The total number of shares of capital stock which the Corporation shall have authority to issue is: seven hundred and sixty million (760,000,000). These shares shall be divided into two classes with seven hundred and fifty million (750,000,000) shares designated as common stock at $.0001 par value (the "Common Stock") and ten million (10,000,000) shares designated as preferred stock at $.0001 par value (the "Preferred Stock").

 

The Preferred Stock of the Corporation shall be issued by the Board of Directors of the Corporation in one or more classes or one or more series within any class and such classes or series shall have such voting powers, full or limited, or no voting powers, and such designations, preferences, limitations or restrictions as the Board of Directors of the Corporation may determine, from time to time.

 

 

 

 

Holders of shares of Common Stock shall be entitled to cast one vote for each share held at all stockholders' meetings for all purposes, including the election of directors. The Common Stock does not have cumulative voting rights.

 

5.     Reverse Stock Split. As determined by the Board of Directors of the Corporation, in the exercise of its sole discretion, a split ratio of fifty (50) shares of the issued and outstanding shares of Common Stock as of the time the certificate containing this amendment becomes effective (the "Split Effective Time"), shall be combined and converted (the "Reverse Split") automatically, without further action, into one (1) fully paid and non-assessable share of Common Stock.

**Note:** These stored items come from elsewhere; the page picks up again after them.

Lemma admissible_laid_profiles :
  admissible theta (fun x => W (blister_coord theta x)) (fun x => Wx (blister_coord theta x))
    (fun x => U (blister_coord theta x)) (fun x => Ux (blister_coord theta x))
    (fun x => Uxx (blister_coord theta x)) (bonded theta).
Proof.
  destruct W_ends as [W0 W1], Wx_ends as [Wx0 Wx1], U_ends as [U0 U1],
    Ux_ends as [Ux0 Ux1], Uxx_ends as [Uxx0 Uxx1].
  destruct (bonded_spec theta Htheta) as (Bper & Bclosed & Bmeas).
  unfold admissible; repeat match goal with |- _ /\ _ => split end; auto.
  - intros x. now rewrite blister_coord_add1.
  - intros x. now rewrite blister_coord_add1.
  - apply derivable_pt_lim_comp_blister_coord; auto; congruence.
  - apply continuity_comp_blister_coord; auto; congruence.
  - apply derivable_pt_lim_comp_blister_coord; auto; congruence.
  - apply derivable_pt_lim_comp_blister_coord; auto; congruence.
  - apply continuity_comp_blister_coord; auto; congruence.
  - intros x. apply U_nonneg, blister_coord_bounds.
  - intros x Hx. destruct (Rmult_integral _ _ Hx) as [-> | E]; auto.
    now replace (blister_coord theta x) with 1 by lra.
Qed.

Lemma energy_value_laid_profiles am h as_ eta v1 v2 :
  is_RInt (fun t => Rsqr (Wx t + / 2 * Rsqr (Ux t) - eta)) 0 1 v1 ->
  is_RInt (fun t => Rsqr (Uxx t)) 0 1 v2 ->
  energy_value am h as_ eta (fun x => W (blister_coord theta x))
    (fun x => Wx (blister_coord theta x)) (fun x => U (blister_coord theta x))
    (fun x => Ux (blister_coord theta x)) (fun x => Uxx (blister_coord theta x)) (bonded theta)
    (am * h * (theta * eta ^ 2 + (1 - theta) * v1) + h ^ 3 * ((1 - theta) * v2)).
Proof.
  intros Hv1 Hv2.
  destruct W_ends as [W0 W1], Wx_ends as [Wx0 Wx1], Ux_ends as [Ux0 Ux1],
    Uxx_ends as [Uxx0 Uxx1].
  assert (Hzero : forall f : R -> R, (forall x, f x = 0) -> int01 f 0).
  { intros f Hf. apply int01_of_is_RInt, (is_RInt_ext_R (fun _ => 0)), is_RInt_0.
    intros x. now rewrite Hf. }
  exists (theta / 2 * eta ^ 2 + (1 - theta) * v1 + theta / 2 * eta ^ 2),
    (theta / 2 * 0 + (1 - theta) * v2 + theta / 2 * 0), 0, 0.
  repeat split.
  - apply int01_of_is_RInt.
    apply (is_RInt_comp_blister_coord theta Htheta
             (fun t => Rsqr (Wx t + / 2 * Rsqr (Ux t) - eta))) in Hv1.
    rewrite Wx0, Wx1, Ux0, Ux1 in Hv1. revert Hv1; unfold Rsqr.
    replace ((0 + / 2 * (0 * 0) - eta) * (0 + / 2 * (0 * 0) - eta)) with (eta ^ 2) by ring.
    trivial.
  - apply int01_of_is_RInt.
    apply (is_RInt_comp_blister_coord theta Htheta (fun t => Rsqr (Uxx t))) in Hv2.
    rewrite Uxx0, Uxx1, Rsqr_0 in Hv2. exact Hv2.
  - apply Hzero. intros x. now apply indic_bonded_mul_vanishing.
  - apply Hzero. intros x. now apply indic_bonded_mul_vanishing.
  - rewrite sqrt_0. field.
Qed.
(* The numerator of [decQ x - decQ y] over the denominator [(bx + 1) (by_ + 1)],
   with [decZ ax] and [decZ ay] split into their positive and negative parts. *)
Definition qsub_code (x y : nat) : nat :=
  let (ax, bx) := unpair x in
  let (ay, by_) := unpair y in
  cantor_pair (zcode (zpos ax * S by_ + zneg ay * S bx) (zneg ax * S by_ + zpos ay * S bx))
    (pred (S bx * S by_)).

Lemma decQ_qsub_code x y : (decQ (qsub_code x y) == decQ x - decQ y)%Q.
Proof.
  unfold qsub_code, decQ. destruct (unpair x) as [ax bx], (unpair y) as [ay by_].
  rewrite unpair_pair, decZ_zcode, !decZ_pos_neg.
  unfold Qeq, Qminus, Qplus, Qopp. simpl.
  rewrite !Pos2Z.inj_mul, !Znat.Zpos_P_of_succ_nat.
  replace (S (bx + by_ * S bx)) with (S bx * S by_) by lia.
  rewrite !Nat2Z.inj_add, !Nat2Z.inj_mul, !Nat2Z.inj_succ. ring.
Qed.

Lemma Q2R_decQ_qsub_code x y :
  Q2R (decQ (qsub_code x y)) = (Q2R (decQ x) - Q2R (decQ y))%R.
Proof. rewrite (Qeq_eqR _ _ (decQ_qsub_code x y)). apply Q2R_minus. Qed.

Definition pzpos : prog 1 :=
  pcomp2 pmul (pcomp1 pdiv2 (pproj 1 0 eq_refl))
    (pcomp2 psub (pconst 1 1) (pcomp1 pmod2 (pproj 1 0 eq_refl))).

Definition pzneg : prog 1 :=
  pcomp2 pmul (pcomp1 pdiv2 (psucc (pproj 1 0 eq_refl))) (pcomp1 pmod2 (pproj 1 0 eq_refl)).

Definition pzcode : prog 2 :=
  pcomp2 padd (pcomp2 pmul (pconst 2 2) (pcomp2 psub (pproj 2 0 eq_refl) (pproj 2 1 eq_refl)))
    (pcomp2 psub (pcomp2 pmul (pconst 2 2) (pcomp2 psub (pproj 2 1 eq_refl) (pproj 2 0 eq_refl)))
       (pconst 2 1)).

Lemma pzpos_sem a : sem pzpos [a] = zpos a.
Proof. unfold pzpos. simpl_sem. reflexivity. Qed.

Lemma pzneg_sem a : sem pzneg [a] = zneg a.
Proof. unfold pzneg. simpl_sem. reflexivity. Qed.

Lemma pzcode_sem P N : sem pzcode [P; N] = zcode P N.
Proof. unfold pzcode. simpl_sem. reflexivity. Qed.

Hint Rewrite pzpos_sem pzneg_sem pzcode_sem : prog_sem.

Definition pqsub : prog 2 :=
  let ax := pcomp1 pfst (pproj 2 0 eq_refl) in let bx := pcomp1 psnd (pproj 2 0 eq_refl) in
  let ay := pcomp1 pfst (pproj 2 1 eq_refl) in let by_ := pcomp1 psnd (pproj 2 1 eq_refl) in
  pcomp2 ppair
    (pcomp2 pzcode
       (pcomp2 padd (pcomp2 pmul (pcomp1 pzpos ax) (psucc by_))
          (pcomp2 pmul (pcomp1 pzneg ay) (psucc bx)))
       (pcomp2 padd (pcomp2 pmul (pcomp1 pzneg ax) (psucc by_))
          (pcomp2 pmul (pcomp1 pzpos ay) (psucc bx))))
    (pcomp1 ppred (pcomp2 pmul (psucc bx) (psucc by_))).

Lemma pqsub_sem x y : sem pqsub [x; y] = qsub_code x y.
Proof.
  unfold pqsub, qsub_code. simpl_sem.
  destruct (unpair x), (unpair y). reflexivity.
Qed.

Hint Rewrite pqsub_sem : prog_sem.

Lemma decList_fuel_enough {A} (d : nat -> A) f1 f2 n :
  n <= f1 -> n <= f2 -> decList_fuel d f1 n = decList_fuel d f2 n.
Proof.
  revert f2 n. induction f1 as [|f1 IH]; intros [|f2] n H1 H2;
    try (replace n with 0 by lia; reflexivity).
  destruct n as [|m]; [reflexivity|]. simpl.
  assert (Hb : snd (unpair m) <= m) by (rewrite unpair_diag; simpl; lia).
  destruct (unpair m) as [a b]. simpl in Hb. f_equal. apply IH; lia.
Qed.

Definition list_code (l : list nat) : nat := fold_right (fun a c => S (cantor_pair a c)) 0 l.

Lemma decList_list_code {A} (d : nat -> A) l : decList d (list_code l) = map d l.
Proof.
  induction l as [|a l IH]; [reflexivity|].
  unfold decList, list_code in *. cbn [fold_right decList_fuel map]. rewrite unpair_pair.
  f_equal. rewrite <- IH. apply decList_fuel_enough; unfold cantor_pair; lia.
Qed.

Definition trans_code (p s q g : nat) : nat := cantor_pair (cantor_pair p s) (cantor_pair q g).

Definition dsa_code (k m i : nat) (ts : list nat) (lam : nat) : nat :=
  cantor_pair (cantor_pair k m) (cantor_pair i (cantor_pair (list_code ts) lam)).

Definition decQ2 (e : nat * nat) : Q * Q := (decQ (fst e), decQ (snd e)).

Definition two_branch_code (lam : nat) (e1 l1 e2 l2 : nat * nat) : nat :=
  dsa_code 2 3 0
    [trans_code 0 0 1 (fst e1); trans_code 0 1 1 (snd e1);
     trans_code 1 0 1 (fst l1); trans_code 1 1 1 (snd l1);
     trans_code 0 0 2 (fst e2); trans_code 0 1 2 (snd e2);
     trans_code 2 0 2 (fst l2); trans_code 2 1 2 (snd l2)] lam.

Lemma decDSA_two_branch_code lam e1 l1 e2 l2 :
  decDSA (two_branch_code lam e1 l1 e2 l2) =
  two_branch_dsa (decQ lam) (decQ2 e1) (decQ2 l1) (decQ2 e2) (decQ2 l2).
Proof.
  unfold two_branch_code, dsa_code, decDSA. rewrite !unpair_pair, decList_list_code.
  unfold trans_code. cbn [map]. rewrite !unpair_pair. reflexivity.
Qed.

Fixpoint plist (ts : list (prog 1)) : prog 1 :=
  match ts with
  | [] => pzero 1
  | t :: ts' => psucc (pcomp2 ppair t (plist ts'))
  end.

Lemma plist_sem ts n : sem (plist ts) [n] = list_code (map (fun t => sem t [n]) ts).
Proof.
  induction ts as [|t ts IH]; [reflexivity|].
  cbn [plist]. simpl_sem. rewrite IH. reflexivity.
Qed.

Definition ptrans (p s q : nat) (g : prog 1) : prog 1 :=
  pcomp2 ppair (pconst 1 (cantor_pair p s)) (pcomp2 ppair (pconst 1 q) g).

Lemma ptrans_sem p s q g n : sem (ptrans p s q g) [n] = trans_code p s q (sem g [n]).
Proof. unfold ptrans. simpl_sem. reflexivity. Qed.

Definition sem2 (e : prog 1 * prog 1) (n : nat) : nat * nat := (sem (fst e) [n], sem (snd e) [n]).

Definition ptwo_branch (lam : prog 1) (e1 l1 e2 l2 : prog 1 * prog 1) : prog 1 :=
  pcomp2 ppair (pconst 1 (cantor_pair 2 3))
    (pcomp2 ppair (pconst 1 0)
       (pcomp2 ppair
          (plist [ptrans 0 0 1 (fst e1); ptrans 0 1 1 (snd e1);
                  ptrans 1 0 1 (fst l1); ptrans 1 1 1 (snd l1);
                  ptrans 0 0 2 (fst e2); ptrans 0 1 2 (snd e2);
                  ptrans 2 0 2 (fst l2); ptrans 2 1 2 (snd l2)])
          lam)).

Lemma ptwo_branch_sem lam e1 l1 e2 l2 n :
  sem (ptwo_branch lam e1 l1 e2 l2) [n] =
  two_branch_code (sem lam [n]) (sem2 e1 n) (sem2 l1 n) (sem2 e2 n) (sem2 l2 n).
Proof.
  unfold ptwo_branch. simpl_sem. rewrite plist_sem. cbn [map]. rewrite !ptrans_sem.
  reflexivity.
Qed.

(** * The reductions *)

Definition tds_lam (n : nat) : nat := fst (unpair (fst (unpair n))).
Definition tds_target (n : nat) : nat := snd (unpair (fst (unpair n))).
Definition tds_a (n : nat) : nat := fst (unpair (snd (unpair n))).
Definition tds_b (n : nat) : nat := snd (unpair (snd (unpair n))).

Lemma decTDS_parts n :
  decTDS n = (decQ (tds_lam n), decQ (tds_target n), decQ (tds_a n), decQ (tds_b n)).
Proof.
  unfold decTDS, tds_lam, tds_target, tds_a, tds_b.
  destruct (unpair n) as [x y]. simpl. destruct (unpair x), (unpair y). reflexivity.
Qed.

Definition gap_code (n : nat) : nat :=
  let t := tds_target n in let a := tds_a n in let b := tds_b n in
  two_branch_code (tds_lam n) (qsub_code a t, qsub_code b t) (a, b)
    (qsub_code t a, qsub_code t b) (qsub_code 0 a, qsub_code 0 b).

Definition zero_code (n : nat) : nat := two_branch_code (tds_lam n) (0, 0) (0, 0) (0, 0) (0, 0).

Definition pgap : prog 1 :=
  let arg := pproj 1 0 eq_refl in
  let t := pcomp1 psnd (pcomp1 pfst arg) in
  let a := pcomp1 pfst (pcomp1 psnd arg) in
  let b := pcomp1 psnd (pcomp1 psnd arg) in
  ptwo_branch (pcomp1 pfst (pcomp1 pfst arg))
    (pcomp2 pqsub a t, pcomp2 pqsub b t) (a, b)
    (pcomp2 pqsub t a, pcomp2 pqsub t b) (pcomp2 pqsub (pzero 1) a, pcomp2 pqsub (pzero 1) b).

Lemma pgap_sem n : sem pgap [n] = gap_code n.
Proof.
  unfold pgap. rewrite ptwo_branch_sem. unfold sem2. cbn [fst snd]. simpl_sem.
  unfold gap_code, tds_lam, tds_target, tds_a, tds_b. reflexivity.
Qed.

Definition pzero_dsa : prog 1 :=
  ptwo_branch (pcomp1 pfst (pcomp1 pfst (pproj 1 0 eq_refl)))
    (pzero 1, pzero 1) (pzero 1, pzero 1) (pzero 1, pzero 1) (pzero 1, pzero 1).

Lemma pzero_dsa_sem n : sem pzero_dsa [n] = zero_code n.
Proof.
  unfold pzero_dsa. rewrite ptwo_branch_sem. unfold sem2. cbn [fst snd]. simpl_sem.
  unfold zero_code, tds_lam. reflexivity.
Qed.

Lemma decQ_0 : decQ 0 = 0%Q.
Proof. vm_compute. reflexivity. Qed.

Lemma gap_code_weights t a b :
  gap_weights (Q2R (decQ t)) (decQ2 (qsub_code a t, qsub_code b t)) (decQ a, decQ b)
    (decQ2 (qsub_code t a, qsub_code t b)) (decQ2 (qsub_code 0 a, qsub_code 0 b)).
Proof.
  intro s. unfold letter_weight, decQ2. cbn [fst snd].
  destruct (s =? 0); rewrite !Q2R_decQ_qsub_code, decQ_0, RMicromega.Q2R_0; lra.
Qed.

In lieu of any fractional shares to which a holder would otherwise be entitled, the Corporation, at its discretion, shall either: (a) pay cash equal to the product of such fraction multiplied by the fair market value of one share of Common Stock, as of the Split Effective Time or (b) issue a scrip or warrant in registered form to purchase our Common Stock which shall enable the holder thereof to receive a full share upon the surrender of such scrip or warrant aggregating a full share; Each holder of record of a certificate which immediately prior to the Split Effective Time represents outstanding shares of Common Stock (an "Old Certificate") shall be entitled to receive upon surrender of such Old Certificate to the Corporation's transfer agent for cancellation, a certificate (a "New Certificate') representing the number of whole shares of Common Stock into and for which the shares formerly represented by such Old Certificate so surrendered are combined and converted. From and after the Split Effective Time, Old Certificates shall represent only the right to receive New Certificates as aforesaid and, to the extent the Corporation so elects, cash pursuant to the provisions hereof. The amount of capital represented by the shares of Common Stock outstanding in the aggregate immediately after the Split Effective Time shall be adjusted from the capital account of the Common Stock to the additional paid in capital account for each share of Common Stock fewer outstanding immediately following the Reverse Split than immediately prior to the Reverse Split, such transfer to be made at the Split Effective Time.

  

6.   No holder of shares of stock of any class shall be entitled as a matter of right to subscribe for or purchase or receive any part of any new or additional issue of shares of stock of any class, or of securities convertible into shares of stock of any class, whether now hereafter authorized or whether issued for money, for consideration other than money, or by way of dividend.

 

IN WITNESS WHEREOF, the Corporation has caused this Certificate of Amendment of the Certificate oflncorporation to be executed this 24th day of April, 2017.